Evals From Traces Deployed on AWS #10

afarntrog · 2026-01-28T19:14:39Z

This pull request introduces the initial infrastructure and core evaluation logic for the Strands Evals project. It provides AWS CDK stacks for deploying the dashboard and evaluation pipeline, implements Lambda functions for dashboard authentication and evaluation execution, and establishes a modular system for configuring and registering new evaluators.

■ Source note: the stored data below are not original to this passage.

Lemma cadlag_bounded : exists M : R, forall u, 0 <= u <= t -> `|Z u| <= M.
Proof.
have := @segment_compact R 0 t => /compact_near_coveringP/near_covering_withinP.
move=> /(_ R (pinfty_nbhs R) (fun M x => `|Z x| <= M)) cover.
have /filter_ex[M hM] : \forall M \near +oo, `[0, t] `<=` [set x | `|Z x| <= M].
  apply: cover => x; rewrite /= in_itv/= => xt.
  have [B HB] := cadlag_locally_bounded xt.
  near=> y M => /=; rewrite in_itv/= => yt.
  have ZyB : `|Z y| <= B by move: yt; near: y; exact: HB.
  apply: (le_trans ZyB).
  by near: M; apply: nbhs_pinfty_ge; exact: num_real.
by exists M => u ut; apply: hM; rewrite /= in_itv.
Unshelve. all: by end_near.
Qed.

Lemma cvg_left_lim {u : R} : 0 < u <= t -> Z x @[x --> u^'-] --> left_lim Z u.
Proof.
by case: cZ => _ ll ut; have /andP[u0 _] := ut; rewrite /left_lim u0; exact: ll.
Qed.

Lemma left_lim_bounded (M : R) : (forall u, 0 <= u <= t -> `|Z u| <= M) ->
  forall u, 0 <= u <= t -> `|left_lim Z u| <= M.
Proof.
move=> ZM u /andP[u0 ut]; have [u_gt0|u_le0] := ltP 0 u; last first.
  by rewrite /left_lim ltNge u_le0 /=; apply: ZM; rewrite lexx (le_trans u0 ut).
have Zu := cvg_left_lim (introT andP (conj u_gt0 ut)).
apply: (cvgr_to_le (cvg_norm Zu)).
near=> x; apply: ZM; apply/andP; split; first by near: x; exact: nbhs_left_ge.
by apply: (le_trans _ ut); apply: ltW; near: x; exact: nbhs_left_lt.
Unshelve. all: by end_near.
Qed.

Lemma measurable_left_lim : measurable_fun `[0, t] (left_lim Z).
Proof.
have grid_meas m : measurable_fun `[0, t] (fun u => Z (left_grid m u)).
  exact: (measurable_fun_truncn _ (fun k => Z (Num.max 0 ((k%:R - 1) / m.+1%:R)))).
have grid_cvg u : [set` `[0, t]] u -> (fun m => Z (left_grid m u)) @ \oo --> left_lim Z u.
  rewrite /= in_itv/= => /andP[u0 ut]; have [u_gt0|u_le0] := ltP 0 u; last first.
    have -> : u = 0 by apply/le_anti; rewrite u0 u_le0.
    by rewrite /left_lim ltxx; apply: cvg_near_cst; apply: nearW => m; rewrite left_grid0.
  move/cvg_at_leftP: (cvg_left_lim (introT andP (conj u_gt0 ut))); apply.
  by split; [move=> m; case: (left_grid_itv m u_gt0) | exact: cvg_left_grid].
exact: measurable_fun_cvg grid_meas grid_cvg.
Qed.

The changes include extensive documentation and a well-structured approach to adding new evaluation types.

Evaluation Flow

→ SQS Message (session_id, eval_type)
→ Lambda Trigger
→ Fetch session from Langfuse
→ Run evaluators (based on eval_type config)
→ Export results to S3

Infrastructure and Deployment (CDK & Lambda):

Added a comprehensive README.md detailing the architecture, setup, deployment, and usage of the Strands Evals infrastructure, including stack outputs and instructions for updating credentials and adding new evaluators.
Introduced cdk.json to configure the AWS CDK app, including watch settings and context for best practices and resource policies.
Implemented a Lambda@Edge function (lambda/basic-auth/index.js) that enforces Basic Auth for the dashboard, with credentials injected at deploy time from AWS Secrets Manager.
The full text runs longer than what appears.